▸ **Work instruction**: Nothing in the entries below may be altered; print them as they stand.

▸ **Given data**:
Lemma visible_star_fold x l : visible (star_fold x l) = visible x.
Proof. by elim: l x => //= i l IHl x; rewrite IHl. Qed.

Lemma leaves_fold_vars op x l :
  (forall a b, leaves (op a b) = leaves a ++ leaves b) ->
  leaves (fold_vars op x l) = leaves x ++ l.
Proof.
by move=> op_leaves; elim: l x => [|i l IHl] x /=; rewrite ?cats0 // IHl op_leaves -catA.
Qed.

Lemma visible_bul_fold x l : visible (bul_fold x l) = visible x ++ l.
Proof. by elim: l x => [|i l IHl] x /=; rewrite ?cats0 // IHl -catA. Qed.

Section NormalForm.
Variables (n : nat) (J : {set 'I_n}).
Hypothesis J_neq0 : J != set0.

Lemma seq_of_set_cons : exists i l, seq_of_set J = i :: l.
Proof. by case: (seq_of_set J) (seq_of_set_neq_nil J_neq0) => // i l; exists i, l. Qed.

Lemma visible_normal_form : visible (normal_form J) = seq_of_set J.
Proof.
have [i [l eJ]] := seq_of_set_cons.
by rewrite /normal_form visible_star_fold eJ visible_bul_fold.
Qed.

Lemma leaves_normal_form : leaves (normal_form J) = seq_of_set J ++ seq_of_set (~: J).
Proof.
have [i [l eJ]] := seq_of_set_cons.
by rewrite /normal_form leaves_fold_vars // eJ /= leaves_fold_vars.
Qed.

Lemma normal_form_multilinear : multilinear n (normal_form J).
Proof. by rewrite /multilinear leaves_normal_form perm_seq_of_setC. Qed.

Lemma visible_set_normal_form : visible_set n (normal_form J) = J.
Proof. by apply/setP => x; rewrite inE visible_normal_form mem_seq_of_set. Qed.

End NormalForm.

Lemma visible_subst s t : visible (subst s t) = flatten [seq visible (s i) | i <- visible t].
Proof.
elim: t => [i|a IHa b _|a IHa b IHb] //=; first by rewrite cats0.
by rewrite IHa IHb map_cat flatten_cat.
Qed.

▸ **Output for this exercise**:
Lemma visible_star_fold x l : visible (star_fold x l) = visible x.
Proof. by elim: l x => //= i l IHl x; rewrite IHl. Qed.

Lemma leaves_fold_vars op x l :
  (forall a b, leaves (op a b) = leaves a ++ leaves b) ->
  leaves (fold_vars op x l) = leaves x ++ l.
Proof.
by move=> op_leaves; elim: l x => [|i l IHl] x /=; rewrite ?cats0 // IHl op_leaves -catA.
Qed.

Lemma visible_bul_fold x l : visible (bul_fold x l) = visible x ++ l.
Proof. by elim: l x => [|i l IHl] x /=; rewrite ?cats0 // IHl -catA. Qed.

Section NormalForm.
Variables (n : nat) (J : {set 'I_n}).
Hypothesis J_neq0 : J != set0.

Lemma seq_of_set_cons : exists i l, seq_of_set J = i :: l.
Proof. by case: (seq_of_set J) (seq_of_set_neq_nil J_neq0) => // i l; exists i, l. Qed.

Lemma visible_normal_form : visible (normal_form J) = seq_of_set J.
Proof.
have [i [l eJ]] := seq_of_set_cons.
by rewrite /normal_form visible_star_fold eJ visible_bul_fold.
Qed.

Lemma leaves_normal_form : leaves (normal_form J) = seq_of_set J ++ seq_of_set (~: J).
Proof.
have [i [l eJ]] := seq_of_set_cons.
by rewrite /normal_form leaves_fold_vars // eJ /= leaves_fold_vars.
Qed.

Lemma normal_form_multilinear : multilinear n (normal_form J).
Proof. by rewrite /multilinear leaves_normal_form perm_seq_of_setC. Qed.

Lemma visible_set_normal_form : visible_set n (normal_form J) = J.
Proof. by apply/setP => x; rewrite inE visible_normal_form mem_seq_of_set. Qed.

End NormalForm.

Lemma visible_subst s t : visible (subst s t) = flatten [seq visible (s i) | i <- visible t].
Proof.
elim: t => [i|a IHa b _|a IHa b IHb] //=; first by rewrite cats0.
by rewrite IHa IHb map_cat flatten_cat.
Qed.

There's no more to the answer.